What she handed me was about the size of a corsage box and heavy as a grapefruit. I looked at the label.

“Handcrafted Marshmallows,” it said.

I wondered about marshmallows that weighed so much.  There must be a bunch of them in that box.  No chocolate or pecans, just pure marshmallows, except they might have had a chance encounter with peanut products.

It was hard to miss the price tag:  $18.50.  I knew Winky must have a good story yet to tell.  I already had a list of questions, beginning with:  “How did you happen to come by a $20 box of marshmallows?”

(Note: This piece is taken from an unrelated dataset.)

(* For any language $L\subseteq\Sigma^+$: $L\in\mathtt{incl}$-$\mathtt{ESO}$-$\mathtt{HORN}$ if and only if $(\Sigma^+\setminus L)\in LinConj$.
   Context: Fix a finite alphabet $\Sigma$. A nonempty word $w=w_1\cdots w_n$ is represented by the structure $\langle w\rangle=([1,n];(Q_s)_{s\in\Sigma},\mathtt{min},\mathtt{max},\mathtt{suc},\mathtt{pred})$ with $Q_s(i)\iff w_i=s$, $\mathtt{min}(i)\iff i=1$, $\mathtt{max}(i)\iff i=n$, $\mathtt{suc}(i)=\min(i+1,n)$, $\mathtt{pred}(i)=\max(i-1,1)$. For an integer $a$, $x+a$ denotes $\mathtt{suc}^a(x)$ if $a\ge0$ and $\mathtt{pred}^{-a}(x)$ if $a<0$; $y-b=\mathtt{pred}^b(y)$. An inclusion Horn formula is $\Phi=\exists\mathbf{R}\forall x\forall y\,\psi(x,y)$, $\mathbf{R}$ a finite set of binary relation symbols, $\psi$ a conjunction of Horn clauses over the signature $\{(Q_s)_{s\in\Sigma},\mathtt{min},\mathtt{max},\mathtt{suc},\mathtt{pred}\}\cup\mathbf{R}\cup\{=,\le,<\}$ (with the usual order on $[1,n]$), each of the form $x\le y\wedge\delta_1\wedge\cdots\wedge\delta_r\to\delta_0$ with $\delta_0$ an atom $R(x,y)$ ($R\in\mathbf{R}$) or $\bot$, and each $\delta_i$ one of: $U(x+a)$, $\neg U(x+a)$, $U(y+a)$, $\neg U(y+a)$ for $U\in\{(Q_s)_{s\in\Sigma},\mathtt{min},\mathtt{max}\}$ and $a\in\mathbb Z$; $x=y$ or $x<y$; a conjunction $S(x+a,y-b)\wedge x+a\le y-b$ with $S\in\mathbf{R}$ and integers $a,b\ge0$. $\mathtt{incl}$-$\mathtt{ESO}$-$\mathtt{HORN}$ is the class of languages $\{w\in\Sigma^+:\langle w\rangle\models\Phi\}$ for such $\Phi$. A linear conjunctive grammar is $G=(\Sigma,N,P,S)$ with nonterminals $N$, start symbol $S\in N$ and a finite set $P$ of rules $A\to\alpha_1\&\cdots\&\alpha_k$ ($k\ge1$) with each $\alpha_i\in\Sigma^*\cup\Sigma^*N\Sigma^*$. The languages $(L(A))_{A\in N}$ are the least (componentwise for inclusion) solution of the system $L(A)=\bigcup_{(A\to\alpha_1\&\cdots\&\alpha_k)\in P}\bigcap_{i=1}^kL(\alpha_i)$, where $L(uBv)=u\,L(B)\,v$ and $L(u)=\{u\}$ for $u,v\in\Sigma^*$, $B\in N$. $L(G)=L(S)$, and $LinConj$ is the class of languages generated by linear conjunctive grammars. *)

From Stdlib Require List.
From mathcomp Require Import all_boot all_algebra.
Set Implicit Arguments. Unset Strict Implicit. Unset Printing Implicit Defensive.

Williams-Sonoma’s ad agency certainly earned their paycheck.  The box itself was a work of art.  It told all about the marshmallows, how it took three days to make them.  I imagined an apple-cheeked man with a tall white toque, stirring a shiny copper cauldron with a big wooden paddle.

Sometimes when these fantasies erupt, it’s 1932.  But I digress.

First there was a heavy cellophane wrapper to peel off the box.  Then there was a wide cardboard ribbon to slide off.  The face of the box opened like shutters, and inside was another box.  But not just any box.  It was like a small safe.  It had a little hiding place for the marshmallows, which were also wrapped in more cellophane, not once, but twice.

I looked at the block of perfect marshmallow cubes, cut three-by-three like a nine-piece quilt square.  There were two layers of them. I pulled out the first marshmallow that would let go of its family.  It was like nothing I’d ever tasted.  It was light yet substantial, and you could taste something besides sugar and air. This was a marshmallow you could depend on.

As I chewed and chewed, I read the rest of the marshmallow story.  It said you could heighten your marshmallow experience with a cup of cocoa or a pot of chocolate fondue.  Was I supposed to wait for chocolate fondue?  I couldn’t think of anyone who might have some handy, so I took mine straight.  I would think about fondue another time.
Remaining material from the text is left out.